### Supplied records
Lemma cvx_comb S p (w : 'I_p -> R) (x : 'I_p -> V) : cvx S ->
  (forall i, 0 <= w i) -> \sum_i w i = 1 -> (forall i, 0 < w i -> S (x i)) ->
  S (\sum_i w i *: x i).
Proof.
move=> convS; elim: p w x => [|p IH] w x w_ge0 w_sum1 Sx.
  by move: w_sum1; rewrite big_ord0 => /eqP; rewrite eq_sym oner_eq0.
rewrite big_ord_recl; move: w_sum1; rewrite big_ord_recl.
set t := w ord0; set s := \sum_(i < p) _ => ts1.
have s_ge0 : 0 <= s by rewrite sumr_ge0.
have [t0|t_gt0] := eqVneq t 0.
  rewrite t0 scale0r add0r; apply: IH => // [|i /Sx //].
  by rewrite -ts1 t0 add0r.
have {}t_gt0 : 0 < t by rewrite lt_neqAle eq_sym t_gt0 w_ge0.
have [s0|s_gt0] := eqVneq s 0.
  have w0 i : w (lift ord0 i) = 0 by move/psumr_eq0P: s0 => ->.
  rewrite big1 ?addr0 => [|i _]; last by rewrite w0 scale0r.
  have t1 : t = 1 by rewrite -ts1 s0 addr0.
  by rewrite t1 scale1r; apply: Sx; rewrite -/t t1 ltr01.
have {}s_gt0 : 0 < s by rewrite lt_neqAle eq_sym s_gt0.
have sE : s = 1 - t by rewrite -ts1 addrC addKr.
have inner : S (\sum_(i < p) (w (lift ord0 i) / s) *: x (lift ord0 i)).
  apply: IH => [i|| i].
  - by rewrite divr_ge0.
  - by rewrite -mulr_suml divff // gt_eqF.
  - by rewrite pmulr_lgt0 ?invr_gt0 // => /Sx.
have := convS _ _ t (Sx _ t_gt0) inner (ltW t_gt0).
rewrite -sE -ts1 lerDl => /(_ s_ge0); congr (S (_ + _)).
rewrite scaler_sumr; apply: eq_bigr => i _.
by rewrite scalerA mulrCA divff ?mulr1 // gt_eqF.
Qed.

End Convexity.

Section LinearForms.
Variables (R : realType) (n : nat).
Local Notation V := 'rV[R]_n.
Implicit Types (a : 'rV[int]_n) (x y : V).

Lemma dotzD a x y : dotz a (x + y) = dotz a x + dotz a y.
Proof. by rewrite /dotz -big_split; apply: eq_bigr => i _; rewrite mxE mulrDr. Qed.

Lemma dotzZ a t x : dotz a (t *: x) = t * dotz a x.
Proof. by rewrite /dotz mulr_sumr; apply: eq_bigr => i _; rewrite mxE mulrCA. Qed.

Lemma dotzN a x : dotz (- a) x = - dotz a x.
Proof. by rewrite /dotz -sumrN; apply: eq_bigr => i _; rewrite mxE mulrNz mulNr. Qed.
######
### Supplied records
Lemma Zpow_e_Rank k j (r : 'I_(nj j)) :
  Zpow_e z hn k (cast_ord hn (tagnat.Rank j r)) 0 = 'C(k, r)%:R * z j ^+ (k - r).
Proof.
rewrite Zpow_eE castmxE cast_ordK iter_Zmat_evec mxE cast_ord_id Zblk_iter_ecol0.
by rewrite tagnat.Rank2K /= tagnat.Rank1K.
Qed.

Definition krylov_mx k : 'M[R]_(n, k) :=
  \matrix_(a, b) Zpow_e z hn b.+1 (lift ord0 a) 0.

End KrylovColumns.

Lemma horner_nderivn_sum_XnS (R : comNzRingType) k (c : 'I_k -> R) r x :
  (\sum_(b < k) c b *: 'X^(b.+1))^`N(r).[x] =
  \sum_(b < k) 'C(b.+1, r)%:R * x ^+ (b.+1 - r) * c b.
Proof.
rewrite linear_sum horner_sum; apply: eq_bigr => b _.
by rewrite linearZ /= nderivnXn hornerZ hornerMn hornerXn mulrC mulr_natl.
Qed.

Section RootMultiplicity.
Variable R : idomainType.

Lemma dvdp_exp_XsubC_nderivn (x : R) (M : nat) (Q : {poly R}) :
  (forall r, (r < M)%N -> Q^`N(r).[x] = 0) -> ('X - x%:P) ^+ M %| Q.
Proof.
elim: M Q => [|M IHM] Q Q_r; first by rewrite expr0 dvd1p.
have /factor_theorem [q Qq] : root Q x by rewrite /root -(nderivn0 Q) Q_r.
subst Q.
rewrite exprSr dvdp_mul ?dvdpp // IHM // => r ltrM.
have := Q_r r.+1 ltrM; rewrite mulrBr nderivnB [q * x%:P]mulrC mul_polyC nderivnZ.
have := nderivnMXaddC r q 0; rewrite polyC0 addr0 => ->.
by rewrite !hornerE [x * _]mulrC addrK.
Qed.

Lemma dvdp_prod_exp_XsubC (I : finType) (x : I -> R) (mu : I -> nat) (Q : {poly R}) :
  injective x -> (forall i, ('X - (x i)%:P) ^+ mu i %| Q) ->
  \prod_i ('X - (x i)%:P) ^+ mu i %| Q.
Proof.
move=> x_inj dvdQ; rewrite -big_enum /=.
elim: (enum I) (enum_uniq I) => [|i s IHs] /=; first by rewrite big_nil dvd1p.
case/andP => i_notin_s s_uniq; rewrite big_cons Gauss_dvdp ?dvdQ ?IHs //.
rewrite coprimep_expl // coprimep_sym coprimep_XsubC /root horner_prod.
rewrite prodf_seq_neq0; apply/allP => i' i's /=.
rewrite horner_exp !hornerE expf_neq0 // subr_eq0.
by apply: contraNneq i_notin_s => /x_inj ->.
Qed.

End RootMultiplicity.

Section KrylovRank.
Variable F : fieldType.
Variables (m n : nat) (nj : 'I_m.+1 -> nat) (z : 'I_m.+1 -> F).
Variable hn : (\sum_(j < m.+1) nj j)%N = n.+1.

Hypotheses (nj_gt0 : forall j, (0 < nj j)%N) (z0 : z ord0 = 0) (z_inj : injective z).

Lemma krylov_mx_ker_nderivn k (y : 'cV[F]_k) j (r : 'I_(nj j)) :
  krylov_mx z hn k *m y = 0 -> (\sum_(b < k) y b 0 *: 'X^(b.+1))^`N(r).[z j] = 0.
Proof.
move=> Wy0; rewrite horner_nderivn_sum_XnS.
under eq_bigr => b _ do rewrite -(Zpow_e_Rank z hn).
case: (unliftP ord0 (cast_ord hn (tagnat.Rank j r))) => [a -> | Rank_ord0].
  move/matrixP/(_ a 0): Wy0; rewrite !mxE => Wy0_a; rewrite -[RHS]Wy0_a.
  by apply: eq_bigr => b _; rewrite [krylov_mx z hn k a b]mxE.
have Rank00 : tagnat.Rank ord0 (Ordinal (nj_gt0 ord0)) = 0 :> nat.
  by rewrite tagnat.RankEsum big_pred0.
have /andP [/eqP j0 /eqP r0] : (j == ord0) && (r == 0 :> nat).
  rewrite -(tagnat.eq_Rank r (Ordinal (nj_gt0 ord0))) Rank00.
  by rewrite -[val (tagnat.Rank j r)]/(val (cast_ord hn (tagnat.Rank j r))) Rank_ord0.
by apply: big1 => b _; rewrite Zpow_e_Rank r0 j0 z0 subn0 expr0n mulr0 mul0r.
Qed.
######
- **Assignment**
Using the entries above, return exactly the lines from the line with "by move: w_sum1;" to the line with "eq_sym t_gt0 w_ge0.", counting both of those lines.

- **Answer to this exercise**
  by move: w_sum1; rewrite big_ord0 => /eqP; rewrite eq_sym oner_eq0.
rewrite big_ord_recl; move: w_sum1; rewrite big_ord_recl.
set t := w ord0; set s := \sum_(i < p) _ => ts1.
have s_ge0 : 0 <= s by rewrite sumr_ge0.
have [t0|t_gt0] := eqVneq t 0.
  rewrite t0 scale0r add0r; apply: IH => // [|i /Sx //].
  by rewrite -ts1 t0 add0r.
have {}t_gt0 : 0 < t by rewrite lt_neqAle eq_sym t_gt0 w_ge0.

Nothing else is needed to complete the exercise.